• _Work order_
Taking the data below line by line, count those that include the word "mulmxBl" and report the number alone.
------------------------------------
Lemma regular_pair_oppl m (A B : 'M[C]_m) :
  regular_pair A B -> regular_pair (- A) B.
Proof.
case=> l detl; exists (- l).
have -> : - A - (- l) *: B = (- 1) *: (A - l *: B).
  by rewrite scaleN1r scaleNr opprK opprB addrC.
by rewrite detZ mulf_neq0 ?expf_neq0 ?oppr_eq0 ?oner_eq0.
Qed.

Lemma regular_pair_swap m (A B : 'M[C]_m) :
  regular_pair A B -> regular_pair B A.
Proof.
move=> /regular_pair_cofinite [s dets].
have [l] := exists_notin (0 :: s); rewrite inE negb_or => /andP [l_neq0 lNs].
exists l^-1.
have -> : B - l^-1 *: A = (- l^-1) *: (A - l *: B).
  by rewrite scalerBr !scaleNr scalerA mulVf // scale1r opprK addrC.
by rewrite detZ mulf_neq0 ?dets ?expf_neq0 // oppr_eq0 invr_eq0.
Qed.

End RegularPairs.

Section Sylvester.
Variable F : closedFieldType.

Lemma eigenvalue_det n (A : 'M[F]_n) a : eigenvalue A a = (\det (A - a%:M) == 0).
Proof. by rewrite /eigenvalue /eigenspace kermx_eq0 row_free_unit unitmxE unitfE negbK. Qed.

Lemma sylvester_eq0 m k (S : 'M[F]_m.+1) (Z : 'M[F]_k.+1) (Y : 'M[F]_(k.+1, m.+1)) :
  (forall a, eigenvalue S a -> ~~ eigenvalue Z a) -> Y *m S = Z *m Y -> Y = 0.
Proof.
move=> disjSZ YS.
have Yhorner p : Y *m horner_mx S p = horner_mx Z p *m Y.
  elim/poly_ind: p => [|p c IHp]; first by rewrite !rmorph0 mulmx0 mul0mx.
  rewrite !rmorphD !rmorphM /= !horner_mx_X !horner_mx_C -!mulmxE.
  rewrite mulmxDr mulmxDl mulmxA IHp -(mulmxA _ Y) YS mulmxA.
  by rewrite mul_mx_scalar mul_scalar_mx.
have [s charS] := closed_field_poly_normal (char_poly S).
rewrite (monicP (char_poly_monic S)) scale1r in charS.
suff Zchar_unit : horner_mx Z (char_poly S) \in unitmx.
  by rewrite -[Y]mul1mx -(mulVmx Zchar_unit) -mulmxA -Yhorner Cayley_Hamilton !mulmx0.
rewrite charS rmorph_prod big_seq; apply: (big_ind (fun X => X \in unitmx)).
- exact: unitmx1.
- by move=> X1 X2; rewrite -mulmxE unitmx_mul => -> ->.
move=> a a_s; rewrite rmorphB /= horner_mx_X horner_mx_C unitmxE unitfE.
rewrite -eigenvalue_det; apply: disjSZ.
rewrite eigenvalue_root_char charS /root horner_prod prodf_seq_eq0.
by apply/hasP; exists a => //=; rewrite hornerXsubC subrr.
Qed.

End Sylvester.

Section GeneralizedSylvester.
Variable C : numClosedFieldType.

Definition inv_shift (l mu : C) : option C :=
  if mu == 0 then None else Some (l + mu^-1).

Lemma in_spectrum_inv_shift m (A B : 'M[C]_m) l mu :
  \det (B - mu *: (A - l *: B)) = 0 -> in_spectrum A B (inv_shift l mu).
Proof.
rewrite /inv_shift; have [-> | mu_neq0] := eqVneq mu 0; first by rewrite scale0r subr0.
have -> : B - mu *: (A - l *: B) = (- mu) *: (A - (l + mu^-1) *: B).
  by apply/matrixP => i j; rewrite !mxE; field.
by rewrite detZ => /eqP; rewrite mulf_eq0 expf_eq0 oppr_eq0 (negbTE mu_neq0) andbF => /eqP.
Qed.

Lemma generalized_sylvester_eq0 m k (A B : 'M[C]_m) (P Q : 'M[C]_k) (Y : 'M[C]_(k, m)) :
  regular_pair A B -> regular_pair P Q ->
  (forall z, ~ (in_spectrum A B z /\ in_spectrum P Q z)) ->
  Q *m Y *m A = P *m Y *m B -> Y = 0.
Proof.
case: m A B Y => [|m] A B Y regAB regPQ disjAP QYA; first by rewrite thinmx0.
case: k P Q Y regPQ disjAP QYA => [|k] P Q Y regPQ disjAP QYA; first by rewrite flatmx0.
have [sA detA] := regular_pair_cofinite regAB.
have [sP detP] := regular_pair_cofinite regPQ.
have [l] := exists_notin (sA ++ sP); rewrite mem_cat negb_or => /andP [lNsA lNsP].
set A' := A - l *: B; set P' := P - l *: Q.
have A'_unit : A' \in unitmx by rewrite unitmxE unitfE detA.
have P'_unit : P' \in unitmx by rewrite unitmxE unitfE detP.
apply: (@sylvester_eq0 _ _ _ (B *m invmx A') (invmx P' *m Q)); last first.
  have P'YB : P' *m Y *m B = Q *m Y *m A'.
    by rewrite /P' /A' !mulmxBl mulmxBr -QYA -!scalemxAl -scalemxAr -!mulmxA.
  rewrite mulmxA; apply: (canLR (mulmxK A'_unit)); rewrite -!mulmxA.
  by apply: (canRL (mulKmx P'_unit)); rewrite !mulmxA P'YB.
move=> mu; rewrite !eigenvalue_det => /eqP detS; apply/negP => /eqP detZ.
have SE : B - mu *: A' = (B *m invmx A' - mu%:M) *m A'.
  by rewrite mulmxBl mulmxKV // mul_scalar_mx.
have ZE : Q - mu *: P' = P' *m (invmx P' *m Q - mu%:M).
  by rewrite mulmxBr mulKVmx // mul_mx_scalar.
apply: (disjAP (inv_shift l mu)); split; apply: in_spectrum_inv_shift.
  by rewrite SE det_mulmx detS mul0r.
by rewrite ZE det_mulmx detZ mulr0.
Qed.
(* Assume the MDP satisfies the low-rank assumption with parameter $d$. For an arbitrary pair of policies $\pi^\theta=\{\pi^\theta_t\}_{t\in[H]}$ and $\pi^\beta=\{\pi^\beta_t\}_{t\in[H]}$, \[ \widehat{\operatorname{Dis}}\big(d_t^{\pi^\theta},d_t^{\pi^\beta}\big)\le\sum_{i=1}^t\big(\sqrt{dS^2A}\big)^{t-i}\,\|\pi^\theta_i-\pi^\beta_i\|_{\mathrm{op}}\qquad\text{for all }t\in[H]. \]
   Context: MDP: finite state space $\mathcal S$ ($S=|\mathcal S|$), finite action space $\mathcal A$ ($A=|\mathcal A|$), horizon $H$, transitions $P_t(\cdot\mid s,a)$, initial distribution $\mu_1$. Policies $\pi=\{\pi_t:\mathcal S\to\Delta(\mathcal A)\}$, with $s_1\sim\mu_1$, $a_t\sim\pi_t(\cdot\mid s_t)$, $s_{t+1}\sim P_t(\cdot\mid s_t,a_t)$; $d_t^\pi(s,a)=\Pr_\pi(s_t=s,a_t=a)$, viewed as an $S\times A$ matrix; $\pi_t$ is viewed as the $S\times A$ matrix with entries $\pi_t(a\mid s)$. $\|\cdot\|_{\mathrm{op}}$ is the spectral norm and $\widehat{\operatorname{Dis}}(p,q)=\|p-q\|_{\mathrm{op}}$. Low-rank assumption with parameter $d$: with $d'=\lfloor d/2\rfloor$, for each $t$ either $P_t(s'\mid s,a)=\sum_{i=1}^{d'}u_{t,i}(s',s)w_{t,i}(a)$ for all $s',s,a$, or $P_t(s'\mid s,a)=\sum_{i=1}^{d'}u_{t,i}(s)w_{t,i}(s',a)$ for all $s',s,a$ (and each reward $r_t$ has rank at most $d'$). *)

From HB Require Import structures.
From mathcomp Require Import all_boot all_order all_algebra.
From mathcomp Require Import classical_sets reals.
Set Implicit Arguments. Unset Strict Implicit. Unset Printing Implicit Defensive.
Import Order.TTheory GRing.Theory Num.Theory.
Local Open Scope ring_scope.
Local Open Scope classical_set_scope.

Definition vnorm2 (R : realType) (n : nat) (x : 'cV[R]_n) : R :=
  Num.sqrt (\sum_(i < n) x i 0 ^+ 2).

Definition opnorm (R : realType) (m n : nat) (M : 'M[R]_(m, n)) : R :=
  sup [set vnorm2 (M *m x) | x in [set x : 'cV[R]_n | vnorm2 x <= 1]].

Definition is_distr (R : realType) (n : nat) (p : 'I_n -> R) : Prop :=
  (forall i, 0 <= p i) /\ \sum_(i < n) p i = 1.

(* A policy at one step: an S x A row-stochastic matrix, entry (s,a) = pi(a|s). *)
Definition is_policy_mx (R : realType) (S A : nat) (p : 'M[R]_(S, A)) : Prop :=
  forall s, is_distr (fun a => p s a).

(* Transitions: P t s a s' = P_t(s' | s, a); policies pi t, t = 1..H;
   initial distribution mu.  [sdist P mu pi k] is the state marginal at
   time k+1:  sdist 0 = mu,
   sdist (k+1) s' = sum_{s,a} sdist k s * pi_(k+1)(a|s) * P_(k+1)(s'|s,a). *)
Fixpoint sdist (R : realType) (S A : nat)
  (P : nat -> 'I_S -> 'I_A -> 'I_S -> R) (mu : 'I_S -> R)
  (pi : nat -> 'M[R]_(S, A)) (k : nat) : 'I_S -> R :=
  match k with
  | 0 => mu
  | k'.+1 => fun s' => \sum_(s < S) \sum_(a < A)
              sdist P mu pi k' s * pi k'.+1 s a * P k'.+1 s a s'
  end.

(* Occupancy measure d_t^pi(s,a) = Pr_pi(s_t = s, a_t = a), t >= 1,
   as an S x A matrix. *)
Definition occ (R : realType) (S A : nat)
  (P : nat -> 'I_S -> 'I_A -> 'I_S -> R) (mu : 'I_S -> R)
  (pi : nat -> 'M[R]_(S, A)) (t : nat) : 'M[R]_(S, A) :=
  \matrix_(s, a) (sdist P mu pi t.-1 s * pi t s a).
------------------------------------
• _Output_
2